(Material shown)
(* Let $\mathcal{S}\subset(\mathbb{N}\cup\{\infty\})^6$ be the set of the following 13 vectors: $B=(\infty,\infty,\infty,\infty,\infty,\infty)$, $2S=(\infty,\infty,\infty,\infty,\infty,1)$, $RS=(\infty,\infty,\infty,\infty,1,1)$, $PF=(\infty,2,\infty,\infty,\infty,1)$, $S=(\infty,\infty,\infty,\infty,0,0)$, $RT=(\infty,\infty,\infty,1,1,1)$, $FT=(\infty,\infty,\infty,0,1,1)$, $R=(\infty,2,1,1,1,1)$, $RV=(\infty,2,1,0,1,1)$, $IF=(\infty,2,0,0,\infty,1)$, $F=(\infty,2,0,0,1,1)$, $T=(\infty,1,0,0,0,0)$, $E=(1,1,0,0,0,0)$. Then $\mathcal{S}$ is not a sublattice of $(\mathbb{N}\cup\{\infty\})^6$ under componentwise $\min/\max$, and the sublattice $L_{30}$ it generates has exactly $30$ elements (so the closure adds $17$ elements not in $\mathcal{S}$); moreover, iterating the operation of adjoining all pairwise componentwise meets and joins stabilizes after three rounds.
   Context: $(\mathbb{N}\cup\{\infty\})^6$ is ordered componentwise with $\infty$ above every natural number; meet and join are componentwise $\min$ and $\max$. These 13 vectors are Bisping's energy vectors of the named equivalences (bisimulation, 2-nested simulation, ready simulation, possible futures, simulation, ready traces, failure traces, readiness, revivals, impossible futures, failures, traces, enabledness). *)

From Stdlib Require Import List Arith.
Import ListNotations.

Inductive ext : Type := Fin (n : nat) | Inf.

Definition emin (a b : ext) : ext :=
  match a, b with
  | Inf, y => y
  | x, Inf => x
  | Fin m, Fin n => Fin (Nat.min m n)
  end.

Definition emax (a b : ext) : ext :=
  match a, b with
  | Inf, _ => Inf
  | _, Inf => Inf
  | Fin m, Fin n => Fin (Nat.max m n)
  end.

Record vec : Type := V { c1 : ext; c2 : ext; c3 : ext; c4 : ext; c5 : ext; c6 : ext }.

Definition vmeet (x y : vec) : vec :=
  V (emin (c1 x) (c1 y)) (emin (c2 x) (c2 y)) (emin (c3 x) (c3 y))
    (emin (c4 x) (c4 y)) (emin (c5 x) (c5 y)) (emin (c6 x) (c6 y)).

Definition vjoin (x y : vec) : vec :=
  V (emax (c1 x) (c1 y)) (emax (c2 x) (c2 y)) (emax (c3 x) (c3 y))
    (emax (c4 x) (c4 y)) (emax (c5 x) (c5 y)) (emax (c6 x) (c6 y)).

Definition vset := vec -> Prop.

Definition set_eq (A B : vset) : Prop := forall x, A x <-> B x.

Definition vB  := V Inf Inf Inf Inf Inf Inf.
Definition v2S := V Inf Inf Inf Inf Inf (Fin 1).
Definition vRS := V Inf Inf Inf Inf (Fin 1) (Fin 1).
Definition vPF := V Inf (Fin 2) Inf Inf Inf (Fin 1).
Definition vS  := V Inf Inf Inf Inf (Fin 0) (Fin 0).
Definition vRT := V Inf Inf Inf (Fin 1) (Fin 1) (Fin 1).
Definition vFT := V Inf Inf Inf (Fin 0) (Fin 1) (Fin 1).
Definition vR  := V Inf (Fin 2) (Fin 1) (Fin 1) (Fin 1) (Fin 1).
Definition vRV := V Inf (Fin 2) (Fin 1) (Fin 0) (Fin 1) (Fin 1).
Definition vIF := V Inf (Fin 2) (Fin 0) (Fin 0) Inf (Fin 1).
Definition vF  := V Inf (Fin 2) (Fin 0) (Fin 0) (Fin 1) (Fin 1).
Definition vT  := V Inf (Fin 1) (Fin 0) (Fin 0) (Fin 0) (Fin 0).
Definition vE  := V (Fin 1) (Fin 1) (Fin 0) (Fin 0) (Fin 0) (Fin 0).

Definition Svecs : list vec :=
  [vB; v2S; vRS; vPF; vS; vRT; vFT; vR; vRV; vIF; vF; vT; vE].

Definition Sset : vset := fun x => In x Svecs.

Definition closed (A : vset) : Prop :=
  forall a b, A a -> A b -> A (vmeet a b) /\ A (vjoin a b).

Inductive gen (A : vset) : vset :=
  | gen_base : forall x, A x -> gen A x
  | gen_meet : forall a b, gen A a -> gen A b -> gen A (vmeet a b)
  | gen_join : forall a b, gen A a -> gen A b -> gen A (vjoin a b).

Definition step (A : vset) : vset :=
  fun x => A x \/ exists a b, A a /\ A b /\ (x = vmeet a b \/ x = vjoin a b).

Fixpoint iter_step (n : nat) (A : vset) : vset :=
  match n with 0 => A | S k => step (iter_step k A) end.

(* The generated sublattice is reached by the rounds of adjoining pairwise meets
   and joins: a round that adds nothing leaves a set closed under meet and join,
   which then contains, hence equals, the generated sublattice.  For the 13
   vectors, a finite computation shows that round 3 adds nothing to round 2,
   which has 30 elements; the meet of PF and S lies outside S, and the vector
   (oo,2,oo,0,oo,1) first appears in round 2. *)

From Stdlib Require Import List Arith Lia Bool.
Import ListNotations.

Definition ext_eq_dec (a b : ext) : {a = b} + {a <> b}.
Proof. decide equality; apply Nat.eq_dec. Defined.

Definition vec_eq_dec (x y : vec) : {x = y} + {x <> y}.
Proof. decide equality; apply ext_eq_dec. Defined.

Definition inb (x : vec) (l : list vec) : bool :=
  if in_dec vec_eq_dec x l then true else false.

Lemma inb_spec x l : inb x l = true <-> In x l.
Proof. unfold inb; destruct in_dec; split; congruence || tauto. Qed.

Definition inclb (l m : list vec) : bool := forallb (fun x => inb x m) l.

Lemma inclb_incl l m : inclb l m = true -> incl l m.
Proof.
  intros H x Hx; apply inb_spec.
  exact (proj1 (forallb_forall _ _) H x Hx).
Qed.

Definition of_list (l : list vec) : vset := fun x => In x l.

Definition subset (A B : vset) : Prop := forall x, A x -> B x.

Lemma subset_refl A : subset A A.
Proof. intros x Hx; exact Hx. Qed.

Lemma set_eq_sym A B : set_eq A B -> set_eq B A.
Proof. intros H x; symmetry; apply H. Qed.

Lemma subset_step A : subset A (step A).
Proof. intros x Hx; now left. Qed.

Lemma step_set_eq A B : set_eq A B -> set_eq (step A) (step B).
Proof.
  intros AB x; unfold step; split.
  - intros [Hx|(a&b&Ha&Hb&Hab)]; [left; now apply AB|right].
    exists a, b; split; [now apply AB|split; [now apply AB|exact Hab]].
  - intros [Hx|(a&b&Ha&Hb&Hab)]; [left; now apply AB|right].
    exists a, b; split; [now apply AB|split; [now apply AB|exact Hab]].
Qed.

Lemma step_closed A : closed A -> set_eq (step A) A.
Proof.
  intros HA x; split; [|apply subset_step].
  intros [Hx|(a&b&Ha&Hb&[-> | ->])]; [exact Hx|apply (HA a b Ha Hb)..].
Qed.

Lemma closed_of_step_subset A : subset (step A) A -> closed A.
Proof.
  intros H a b Ha Hb; split; apply H; right; exists a, b; auto.
Qed.

Lemma gen_least A B : closed B -> subset A B -> subset (gen A) B.
Proof.
  intros HB AB x Hx; induction Hx; [now apply AB|apply HB; assumption..].
Qed.

Lemma iter_step_subset_gen A n : subset (iter_step n A) (gen A).
Proof.
  induction n as [|n IH]; intros x; simpl; [apply gen_base|].
  intros [Hx|(a&b&Ha&Hb&[-> | ->])]; auto using gen_meet, gen_join.
Qed.

Lemma iter_step_mono A m n : m <= n -> subset (iter_step m A) (iter_step n A).
Proof.
  induction 1; [apply subset_refl|].
  intros x Hx; left; auto.
Qed.

Section ClosedRound.

Variable A : vset.
Variable k : nat.
Hypothesis closed_round : closed (iter_step k A).

Lemma iter_step_stationary n : k <= n -> set_eq (iter_step n A) (iter_step k A).
Proof.
  induction 1 as [|n _ IH]; [now intro x|].
  intro x; simpl.
  rewrite (step_set_eq _ _ IH x).
  apply step_closed, closed_round.
Qed.

Lemma gen_eq_closed_round : set_eq (gen A) (iter_step k A).
Proof.
  intro x; split; [|apply iter_step_subset_gen].
  apply gen_least; [exact closed_round|apply (iter_step_mono A 0)]; lia.
Qed.

End ClosedRound.

Definition step_list (l : list vec) : list vec :=
  nodup vec_eq_dec
    (l ++ flat_map (fun a => flat_map (fun b => [vmeet a b; vjoin a b]) l) l).

Fixpoint iter_step_list (n : nat) (l : list vec) : list vec :=
  match n with 0 => l | S k => step_list (iter_step_list k l) end.

Lemma step_list_spec l : set_eq (of_list (step_list l)) (step (of_list l)).
Proof.
  intro x; unfold of_list, step, step_list.
  rewrite nodup_In, in_app_iff, in_flat_map; split.
  - intros [Hx|(a&Ha&Hx)]; [now left|right].
    apply in_flat_map in Hx as (b&Hb&Hx).
    exists a, b; simpl in Hx; intuition.
  - intros [Hx|(a&b&Ha&Hb&Hab)]; [now left|right].
    exists a; split; [exact Ha|].
    apply in_flat_map; exists b; split; [exact Hb|].
    simpl; destruct Hab; auto.
Qed.

Lemma iter_step_list_spec n l :
  set_eq (of_list (iter_step_list n l)) (iter_step n (of_list l)).
Proof.
  induction n as [|n IH]; intro x; simpl; [tauto|].
  rewrite (step_list_spec _ x).
  now apply step_set_eq.
Qed.

(* A notation rather than a definition: unification must never have to unfold
   [iter_step_list] on concrete lists, which is also why the iffs below are
   applied through [proj1]/[proj2] instead of [apply]. *)
Notation L30 := (iter_step_list 2 Svecs).

Lemma Sset_not_closed : ~ closed Sset.
Proof.
  intro H; destruct (H vPF vS) as [Hmeet _]; [cbn; tauto..|].
  cbn in Hmeet; intuition discriminate.
Qed.

Lemma iter_step_Sset n x : iter_step n Sset x <-> In x (iter_step_list n Svecs).
Proof. symmetry; exact (iter_step_list_spec n Svecs x). Qed.

Lemma round3_incl_round2 : incl (iter_step_list 3 Svecs) L30.
Proof. apply inclb_incl; vm_compute; reflexivity. Qed.

Lemma round2_closed : closed (iter_step 2 Sset).
Proof.
  apply closed_of_step_subset; intros x Hx.
  apply (proj2 (iter_step_Sset 2 x)), round3_incl_round2.
  exact (proj1 (iter_step_Sset 3 x) Hx).
Qed.

Lemma gen_Sset_spec x : gen Sset x <-> In x L30.
Proof.
  rewrite (gen_eq_closed_round _ _ round2_closed x).
  apply iter_step_Sset.
Qed.

Lemma gen_minus_Sset_spec x :
  (gen Sset x /\ ~ Sset x) <-> In x (filter (fun y => negb (inb y Svecs)) L30).
Proof.
  rewrite filter_In, gen_Sset_spec, negb_true_iff, <- not_true_iff_false, inb_spec.
  reflexivity.
Qed.

Lemma round2_adds_elements : ~ set_eq (iter_step 1 Sset) (iter_step 2 Sset).
Proof.
  set (w := V Inf (Fin 2) Inf (Fin 0) Inf (Fin 1)).
  assert (w_round2 : In w L30) by (apply (proj1 (inb_spec _ _)); vm_compute; reflexivity).
  assert (w_round1 : ~ In w (iter_step_list 1 Svecs))
    by (rewrite <- inb_spec; vm_compute; discriminate).
  intro H; apply w_round1.
  apply (proj1 (iter_step_Sset 1 w)), (proj2 (H w)), (proj2 (iter_step_Sset 2 w)), w_round2.
Qed.

Theorem mainTheorem10 :
  (* S is not a sublattice *)
  ~ closed Sset /\
  (* the generated sublattice L30 has exactly 30 elements *)
  (exists l : list vec,
      NoDup l /\ length l = 30 /\ (forall x, gen Sset x <-> In x l)) /\
  (* exactly 17 of them lie outside S *)
  (exists l' : list vec,
      NoDup l' /\ length l' = 17 /\ (forall x, (gen Sset x /\ ~ Sset x) <-> In x l')) /\
  (* iterating "adjoin pairwise meets/joins": rounds 1 and 2 add elements,
     round 3 adds nothing, and from round 3 on the result is L30 *)
  ~ set_eq (iter_step 1 Sset) (iter_step 2 Sset) /\
  set_eq (iter_step 2 Sset) (iter_step 3 Sset) /\
  (forall n, 3 <= n -> set_eq (iter_step n Sset) (gen Sset)).
Proof.
  assert (L30_nodup : NoDup L30) by apply NoDup_nodup.
  split; [exact Sset_not_closed|].
  split; [exists L30; split; [exact L30_nodup|split; [vm_compute; reflexivity|exact gen_Sset_spec]]|].
  split.
  { exists (filter (fun y => negb (inb y Svecs)) L30).
    split; [now apply NoDup_filter|split; [vm_compute; reflexivity|exact gen_minus_Sset_spec]]. }
  split; [exact round2_adds_elements|].
  split.
  - apply set_eq_sym, (iter_step_stationary _ _ round2_closed); lia.
  - intros n Hn x; rewrite (gen_eq_closed_round _ _ round2_closed x).
    apply (iter_step_stationary _ _ round2_closed); lia.
Qed.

(Task instructions)
A single number is expected here: the count of lines in the material above with "Stdlib" in them.

(Exercise response)
2